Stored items
Section CantorScheme.
Context {X : topologicalType} {d : X -> X -> RR}.
Hypotheses (dm : is_metric d) (dc : metric_compatible d).
Context {G : set (X -> X)} {x0 : X} {D : nat -> set (X * X)}.
Hypothesis HG : homeo_group G.
Hypothesis D_closed : forall k, closed (D k).

Local Notation O := (gorbit G x0).

Hypothesis D_sep : forall k U, open U -> O `&` U !=set0 ->
  exists x y, [/\ x <> y, (O `&` U) x, (O `&` U) y &
    O `&` rsection (D k) x `&` rsection (D k) y = set0].

Definition shrinkable (P : set X) := forall U, open U -> O `&` U !=set0 ->
  exists2 V, [/\ open V, V `<=` U & O `&` V !=set0] & V `<=` P.

Lemma shrinkableT : shrinkable setT.
Proof. by move=> U oU OU; exists U; split. Qed.

Lemma shrinkableI P Q : shrinkable P -> shrinkable Q -> shrinkable (P `&` Q).
Proof.
move=> shP shQ U oU OU; have [V [oV VU OV] VP] := shP U oU OU.
have [W [oW WV OW] WQ] := shQ V oV OV.
by exists W => [|p Wp]; [split=> // p /WV /VU | split; [exact/VP/WV | exact: WQ]].
Qed.

Lemma orbit_point_neq {U} w : open U -> O `&` U !=set0 -> exists p, [/\ O p, U p & p <> w].
Proof.
move=> oU OU; have [x [y [xy [Ox Ux] [Oy Uy] _]]] := D_sep 0 _ oU OU.
have [xw|xw] := pselect (x = w); last by exists x.
by exists y; split=> // yw; apply: xy; rewrite xw yw.
Qed.

Lemma shrinkable_avoid k {h w} : G h -> O w -> shrinkable (fun p => ~ D k (h p, w)).
Proof.
move=> Gh Ow U oU [p [Op Up]].
have [h' Gh' [hK h'K]] := homeo_group_inv HG Gh.
have oV : open (h' @^-1` U) by move: (homeo_group_cont HG Gh') => /continuousP; apply.
have OV : O `&` (h' @^-1` U) !=set0 by exists (h p); split; [exact: gorbitG | rewrite /= hK].
have [x [y [_ [Ox Ux] [Oy Uy] Dxy]]] := D_sep k _ oV OV.
have [a [Oa Ua Daw]] : exists a, [/\ O a, U (h' a) & ~ D k (a, w)].
  have [Dxw|] := pselect (D k (x, w)); last by exists x.
  exists y; split=> // Dyw.
  by have : (O `&` rsection (D k) x `&` rsection (D k) y) w by []; rewrite Dxy.
exists (U `&` [set q | ~ D k (h q, w)]); last by move=> ? [].
split; [apply: openI => // | by move=> ? [] |].
- exact: open_preimage_compl (homeo_group_cont HG Gh) (@cst_continuous _ _ w) (D_closed k).
- by exists (h' a); split; [exact: gorbitG | split; rewrite //= h'K].
Qed.

Section Stage.
Variables (m : nat) (H : seq (X -> X)).
Hypothesis HG_H : forall h, List.In h H -> G h.

Definition apart (p q : X) : Prop := forall h, List.In h H -> forall h', List.In h' H ->
  forall k, (k <= m)%N -> ~ D k (h p, h' q).

Definition uniformly_apart (p q : X) (r : RR) : Prop :=
  forall h, List.In h H -> forall h', List.In h' H -> forall k, (k <= m)%N ->
    forall a b, d (h p) a < r -> d (h' q) b < r -> ~ D k (a, b).

Lemma uniformly_apartW p q r r' : r' <= r -> uniformly_apart p q r -> uniformly_apart p q r'.
Proof.
move=> r'r pq h hH h' h'H k km a b ha hb.
by apply: (pq h hH h' h'H k km); apply: lt_le_trans r'r.
Qed.

Lemma shrinkable_apart {q} : O q -> shrinkable (fun p => apart p q).
Proof.
move=> Oq; rewrite /apart; apply: (meets_In shrinkableT shrinkableI) => h hH.
apply: (meets_In shrinkableT shrinkableI) => h' h'H.
apply: (meets_le shrinkableI) => k _.
exact (shrinkable_avoid k (HG_H _ hH) (gorbitG HG (HG_H _ h'H) Oq)).
Qed.

Lemma open_apart p : open (apart p).
Proof.
rewrite /apart; apply: (meets_In openT (@openI X)) => h hH.
apply: (meets_In openT (@openI X)) => h' h'H.
apply: (meets_le (@openI X)) => k _.
exact: open_preimage_compl (@cst_continuous _ _ (h p)) (homeo_group_cont HG (HG_H _ h'H)) (D_closed k).
Qed.

(* x0 lies in the open set of points q apart from the first chosen point, so
   that set meets the orbit and the second point can be chosen in it. *)
Lemma separated_pair {U} : open U -> U x0 ->
  exists p0 p1, [/\ O p0, O p1, U p0 & U p1] /\ [/\ p0 <> p1, apart p1 p0 & apart p0 p1].
Proof.
move=> oU Ux0.
have OU : O `&` U !=set0 by exists x0; split=> //; exact: gorbit_refl.
have [V1 [oV1 V1U OV1] V1apart] := shrinkable_apart (gorbit_refl HG x0) _ oU OU.
have [p1 [Op1 V1p1 p1x0]] := orbit_point_neq x0 oV1 OV1.
pose W := U `&` apart p1.
have oW : open W by apply: openI => //; exact: open_apart.
have OW : O `&` W !=set0.
  by exists x0; split; [exact: gorbit_refl | split=> //; exact: V1apart].
have [V2 [oV2 V2W OV2] V2apart] := shrinkable_apart Op1 _ oW OW.
have [p0 [Op0 V2p0 p0p1]] := orbit_point_neq p1 oV2 OV2.
have [Up0 p1p0] := V2W _ V2p0.
by exists p0, p1; split; [split=> //; exact: V1U | split=> //; exact: V2apart].
Qed.

Lemma apart_uniformly p q : apart p q -> \forall r \near 0^'+, uniformly_apart p q r.
Proof.
move=> pq; apply: (meets_In filterT (@filterI _ _ _)) => h hH.
apply: (meets_In filterT (@filterI _ _ _)) => h' h'H.
apply: (meets_le (@filterI _ _ _)) => k km.
exact: closed_margin (D_closed k) (pq h hH h' h'H k km).
Qed.

Record split_data := SplitData { split_left : X -> X; split_right : X -> X; split_radius : RR }.

(* Every limit of branches through a split lies within [2 * r] of the image of
   g0 x0 or g1 x0 (approx_lim): inside the [3 * r] margins, and too close to
   be equal for the two sides of the split, which are [4 * r] apart. *)
Definition good_split (e : RR) (s : split_data) : Prop :=
  let: SplitData g0 g1 r := s in
  [/\ G g0 /\ G g1, [/\ 0 < r, r <= e / 2 & r <= m.+1%:R^-1],
    forall h, List.In h H -> d (h x0) (h (g0 x0)) < e /\ d (h x0) (h (g1 x0)) < e,
    forall h, List.In h H -> 4 * r < d (h (g0 x0)) (h (g1 x0)) &
    uniformly_apart (g1 x0) (g0 x0) (3 * r) /\ uniformly_apart (g0 x0) (g1 x0) (3 * r)].

Lemma good_split_exists e : 0 < e -> exists s, good_split e s.
Proof.
move=> e0; pose U := fun p => forall h, List.In h H -> d (h x0) (h p) < e.
have oU : open U.
  apply: (meets_In openT (@openI X)) => h hH.
  by move: (homeo_group_cont HG (HG_H _ hH)) => /continuousP /(_ _ (open_ball dm dc (h x0) e)).
have Ux0 : U x0 by move=> h _; rewrite (distxx dm).
have [p0 [p1 [[[g0 Gg0 <-] [g1 Gg1 <-] Up0 Up1] [p01 ap10 ap01]]]] := separated_pair oU Ux0.
have dist_pos h : List.In h H -> 0 < d (h (g0 x0)) (h (g1 x0)) / 2.
  move=> hH; rewrite divr_gt0 // lt0r dist_ge0 // andbT.
  by apply/eqP => /(dist_eq0 dm) /(homeo_group_inj HG (HG_H _ hH)) /p01.
have : \forall r \near 0^'+, [/\ 0 < r, r <= e, r <= m.+1%:R^-1,
    forall h, List.In h H -> r < d (h (g0 x0)) (h (g1 x0)) / 2 &
    uniformly_apart (g1 x0) (g0 x0) r /\ uniformly_apart (g0 x0) (g1 x0) r].
  near=> r; split.
  - by near: r; exact: nbhs_right_gt.
  - by near: r; exact: nbhs_right_le.
  - by near: r; apply: nbhs_right_le; rewrite invr_gt0.
  - near: r; apply: (meets_In filterT (@filterI _ _ _)) => h hH.
    exact: nbhs_right_lt (dist_pos h hH).
  - by split; near: r; exact: apart_uniformly.
move=> /filter_ex[r [r0 re rm rsep [r10 r01]]].
have r3 : 3 * (r / 3) <= r by lra.
exists (SplitData g0 g1 (r / 3)); split=> //.
- by split; [lra | lra | apply: le_trans rm; lra].
- by move=> h hH; split; [exact: Up0 | exact: Up1].
- by move=> h hH; have := rsep h hH; lra.
- by split; exact: uniformly_apartW r3 _.
Unshelve. all: by end_near.
Qed.
(* Let $(X,\tau)$ be a topological space and $\mathcal{F}:\mathcal{O}(X)^{\mathrm{op}}\to\mathbf{Set}$ a presheaf. Then: (1) $B^1_{\mathcal{F}}$ is a base of compact open sets for $(\Lambda^1_{\mathcal{F}},\tau^1_{\mathcal{F}})$; hence $(\Lambda^1_{\mathcal{F}},\tau^1_{\mathcal{F}})$ is locally compact; (2) for every $G\in\mathrm{St}(\mathrm{RO}(X))$ the stalk $\mathcal{F}_G$ is a discrete and closed subspace of $\Lambda^1_{\mathcal{F}}$; (3) $p^1_{\mathcal{F}}:\Lambda^1_{\mathcal{F}}\to\mathrm{St}(\mathrm{RO}(X))$ is continuous, and for every $U\in\mathcal{O}(X)$ and $f\in\mathcal{F}(U)$, $\dot f$ is a local section of $p^1_{\mathcal{F}}$ over $N_{\mathrm{Reg}(U)}$; hence $\Lambda^1_{\mathcal{F}}$ is an étalé space over $\mathrm{St}(\mathrm{RO}(X))$; (4) $\Lambda^1_{\mathcal{F}}$ is Hausdorff and zero-dimensional, in particular Tychonoff; (5) if $\Lambda^1_{\mathcal{F}}$ has an infinite stalk, then it is non-compact.
   Context: $\mathcal{O}(X)$ is the set of non-empty open subsets of $X$ ordered by inclusion; for $f\in\mathcal{F}(V)$ and $U\subseteq V$ write $f\restriction U=\mathcal{F}(U\subseteq V)(f)$. $\mathrm{Reg}(U)=\mathrm{Int}\,\mathrm{Cl}\,U$; $\mathrm{RO}(X)$ is the complete boolean algebra of regular open sets; $\mathrm{St}(\mathrm{RO}(X))$ is its Stone space of ultrafilters with clopen sets $N_q=\{G:q\in G\}$, $q\in\mathrm{RO}(X)$. For an ultrafilter $G$ on $\mathrm{RO}(X)$ let $\bar G=\{U\in\mathcal{O}(X):\mathrm{Reg}(U)\in G\}$. For $f\in\mathcal{F}(U_f)$, $g\in\mathcal{F}(U_g)$ with $U_f,U_g\in\bar G$, set $f\equiv_G g$ iff there is $U\in\bar G$ with $U\subseteq U_f\cap U_g$ such that $D_{f,g}=\{V\in\mathcal{O}(X):V\subseteq U_f\cap U_g,\ f\restriction V=g\restriction V\}$ is dense below $U$ (every non-empty open $W\subseteq U$ contains some element of $D_{f,g}$). Let $[f]_G$ be the class of $f$, $\mathcal{F}_G=\{[f]_G:f\in\mathcal{F}(U_f),U_f\in\bar G\}$ (the stalk over $G$), $\Lambda^1_{\mathcal{F}}=\coprod_{G\in\mathrm{St}(\mathrm{RO}(X))}\mathcal{F}_G$ and $p^1_{\mathcal{F}}([f]_G)=G$. For $f\in\mathcal{F}(U)$, $\dot f:N_{\mathrm{Reg}(U)}\to\Lambda^1_{\mathcal{F}}$ is $G\mapsto[f]_G$. $\tau^1_{\mathcal{F}}$ is the topology generated by $B^1_{\mathcal{F}}=\{\dot f[N_q]: q\in\mathrm{RO}(X),\ q\subseteq\mathrm{Reg}(U),\ f\in\mathcal{F}(U),\ U\in\mathcal{O}(X)\}$. A local section of a continuous $p:E\to Z$ over an open $V\subseteq Z$ is a continuous $s:V\to E$ with $p\circ s=\mathrm{id}_V$; $p$ is an étalé space if every $e\in E$ has an open neighbourhood $O$ with $p[O]$ open and $p\restriction O:O\to p[O]$ a homeomorphism. *)

From HB Require Import structures.
From mathcomp Require Import all_boot all_order all_algebra.
From mathcomp Require Import all_classical all_reals all_analysis.
From mathcomp Require Import Rstruct Rstruct_topology.
Set Implicit Arguments. Unset Strict Implicit. Unset Printing Implicit Defensive.
Import Order.TTheory GRing.Theory Num.Theory.
Local Open Scope classical_set_scope.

- **TASK TO CARRY OUT**: Scan the records above for the string "last", then select every line that holds it.

- **TASK ANSWER**:
have [xw|xw] := pselect (x = w); last by exists x.
  have [Dxw|] := pselect (D k (x, w)); last by exists x.
exists (U `&` [set q | ~ D k (h q, w)]); last by move=> ? [].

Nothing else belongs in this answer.